With 5E, I've had an okay time DMing, but it's not been as fun/engaging as 4E (where it was literally fun to prepare adventures). Fortunately, with me less keen to DM, one of the other players stepped up, and then the other long-time DM (my brother) came back, and also one of my friends wanted to run a separate campaign for some of us. So now I continue the old campaign occasionally, but am having huge fun playing in other campaigns. These things work out I guess.

Although obviously those who cast their votes in a poll such as this are a self-selecting group, I'm still interested how many of those who say they didn't like 4e have actually played it.

Yeah that's always a question. There is a "I haven't played it and don't want to" option for people to be honest with (and people have picked it). I do know a player who didn't really like it, actually in my group - he had a great time in 4E, but he does in every RPG. After we stopped playing, he admitted that actually didn't like the tactical combat in 4E. I think part of this was that he joined really late (he only played around ten sessions before we went to Dungeon World) and picked a really weird class (Shaman, which in 4E was basically a magical Warlord - i.e. mostly enabling other players).

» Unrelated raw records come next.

(* Let $D=(E,\mathcal{F})$ be a binary delta-matroid. If every element of $E$ has primal type $u$ in $D$, then $D$ is even, i.e. $|X\Delta Y|$ is even for all $X,Y\in\mathcal{F}$.
   Context: A delta-matroid is a pair $D=(E,\mathcal{F})$ with $E$ finite, $\mathcal{F}$ a nonempty collection of subsets of $E$, such that for all $X,Y\in\mathcal{F}$ and $u\in X\Delta Y$ there is $v\in X\Delta Y$ (possibly $v=u$) with $X\Delta\{u,v\}\in\mathcal{F}$. The twist by $A\subseteq E$ is $D*A=(E,\{A\Delta X:X\in\mathcal{F}\})$. For a symmetric matrix $C$ over $\mathrm{GF}(2)$ indexed by $E$, $D(C)=(E,\{A\subseteq E: C[A]\text{ non-singular}\})$, with $C[A]$ the principal submatrix on $A$ and $C[\emptyset]$ non-singular by convention; a delta-matroid is binary if some twist of it is isomorphic to some $D(C)$. Let $\mathcal{F}_{\min}(D)$ be the set of minimum-cardinality feasible sets. An element $e$ is a ribbon loop if it lies in no member of $\mathcal{F}_{\min}(D)$; a ribbon loop $e$ is orientable if it is not a ribbon loop in $D*e$. An element has primal type $u$ if it is an orientable ribbon loop. *)

From mathcomp Require Import all_boot all_algebra.
Set Implicit Arguments. Unset Strict Implicit. Unset Printing Implicit Defensive.
Import GRing.Theory.
Local Open Scope ring_scope.

Section DeltaMatroid.
Variable E : finType.

Definition symd (X Y : {set E}) : {set E} := (X :\: Y) :|: (Y :\: X).

Definition is_delta_matroid (F : {set {set E}}) : Prop :=
  F != set0 /\
  forall X Y, X \in F -> Y \in F -> forall u, u \in symd X Y ->
    exists v, v \in symd X Y /\ symd X [set u; v] \in F.

Definition twist (F : {set {set E}}) (A : {set E}) : {set {set E}} :=
  [set symd A X | X in F].

Definition Fmin (F : {set {set E}}) : {set {set E}} :=
  [set X in F | [forall Y in F, #|X| <= #|Y|]%N].

Definition ribbon_loop (F : {set {set E}}) (e : E) : Prop :=
  forall X, X \in Fmin F -> e \notin X.

Definition orientable_ribbon_loop (F : {set {set E}}) (e : E) : Prop :=
  ribbon_loop F e /\ ~ ribbon_loop (twist F [set e]) e.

Conversely, two of my players have never liked any RPG anywhere near as much as they liked 4E - and not the two you might expect - not the system masters, not the tactical experts, but the players who were previous a bit disengaged from that stuff, the players who liked cool ideas. The player who always played Thieves/Rogues, back to like 1992 finally stopped saying "Can't we just play 4E?" or the like about two months ago when he started playing a Warlock in 5E. 4E though was the first time he played a Rogue where he really felt powerful and effective (and still is the only time - in 5E he's solid, but his abilities aren't as engaging for him as they were in 4E), and he really loved that.